(Collected data)
Definition supp (T : finType) (f : T -> R) : {set T} := [set i | f i != 0].

Lemma in_suppP (T : finType) (f : T -> R) i : reflect (f i <> 0) (i \in supp f).
Proof. by rewrite inE; apply: (iffP idP) => /eqP. Qed.

Lemma notin_supp (T : finType) (f : T -> R) i : i \notin supp f -> f i = 0.
Proof. by rewrite inE negbK => /eqP. Qed.

Definition minimal (T U : finType) (P : {set T} -> {set U} -> Prop) I J :=
  P I J /\ forall (I' : {set T}) (J' : {set U}),
    I' \subset I -> J' \subset J -> P I' J' -> I' = I /\ J' = J.

Lemma card_subpair_lt (T U : finType) (I I' : {set T}) (J J' : {set U}) :
  I' \subset I -> J' \subset J -> ~ (I' = I /\ J' = J) -> (#|I'| + #|J'| < #|I| + #|J|)%N.
Proof.
move=> sI sJ ne; case: (eqVneq I' I) => [eI | neI].
  have neJ : J' != J by apply/eqP => eJ; apply: ne.
  by rewrite eI ltn_add2l proper_card // properEneq neJ.
by rewrite -addSn leq_add // ?subset_leq_card // proper_card // properEneq neI.
Qed.

Lemma minimal_below (T U : finType) (P : {set T} -> {set U} -> Prop) I J :
  P I J -> exists (I0 : {set T}) (J0 : {set U}), [/\ I0 \subset I, J0 \subset J & minimal P I0 J0].
Proof.
have [k] : exists k, (#|I| + #|J| < k)%N by exists (#|I| + #|J|).+1.
elim: k I J => // k IH I J size PIJ.
case: (classic (minimal P I J)) => [min | notmin]; first by exists I, J.
have [I1 [J1 [sI sJ P1 ne]]] : exists (I1 : {set T}) (J1 : {set U}),
    [/\ I1 \subset I, J1 \subset J, P I1 J1 & ~ (I1 = I /\ J1 = J)].
  apply: NNPP => none; apply: notmin; split => // I1 J1 sI sJ P1.
  by apply: NNPP => ne; apply: none; exists I1, J1.
have size1 : (#|I1| + #|J1| < k)%N.
  by apply: leq_trans (card_subpair_lt sI sJ ne) _; rewrite -ltnS.
have [I0 [J0 [sI0 sJ0 min0]]] := IH I1 J1 size1 P1.
by exists I0, J0; split => //; apply: subset_trans; eassumption.
Qed.

Section Multipliers.
Variables n mle meq : nat.
Notation jetT := (jet n mle meq).
Implicit Types (s t : jetT) (mu : 'I_mle.+1 -> R) (lam : 'I_meq -> R).

Definition balance s mu lam (k : 'I_n) : R :=
  \big[Rplus/0]_(i < mle.+1) (mu i * aext s i k) + \big[Rplus/0]_(j < meq) (lam j * jb s j k).

Definition nonzero mu lam := (exists i, mu i <> 0) \/ (exists j, lam j <> 0).

Lemma admits_of_mult s mu lam :
  inC s mu lam -> nonzero mu lam -> admits s (supp mu) (supp lam).
Proof.
move=> [alpha [mu_ge0 [inactive bal]]] nz; split.
  by move=> i /in_suppP mu_i; apply: NNPP => /inactive.
split.
  by case: nz => [[i mu_i] | [j lam_j]]; [left | right]; apply/set0Pn;
    [exists i | exists j]; apply/in_suppP.
exists mu, lam; split; first by [].
split => [i | j]; split; try exact: notin_supp.
- by move/in_suppP; have := mu_ge0 i; lra.
- by move/in_suppP.
Qed.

TASK DETAILS » When you reach the line with "Definition minimal (T" in the records above, start writing out lines exactly, and stop once the line with "have neJ : J'" has been written; include nothing else.

RESULT OF THE TASK »
Definition minimal (T U : finType) (P : {set T} -> {set U} -> Prop) I J :=
  P I J /\ forall (I' : {set T}) (J' : {set U}),
    I' \subset I -> J' \subset J -> P I' J' -> I' = I /\ J' = J.

Lemma card_subpair_lt (T U : finType) (I I' : {set T}) (J J' : {set U}) :
  I' \subset I -> J' \subset J -> ~ (I' = I /\ J' = J) -> (#|I'| + #|J'| < #|I| + #|J|)%N.
Proof.
move=> sI sJ ne; case: (eqVneq I' I) => [eI | neI].
  have neJ : J' != J by apply/eqP => eJ; apply: ne.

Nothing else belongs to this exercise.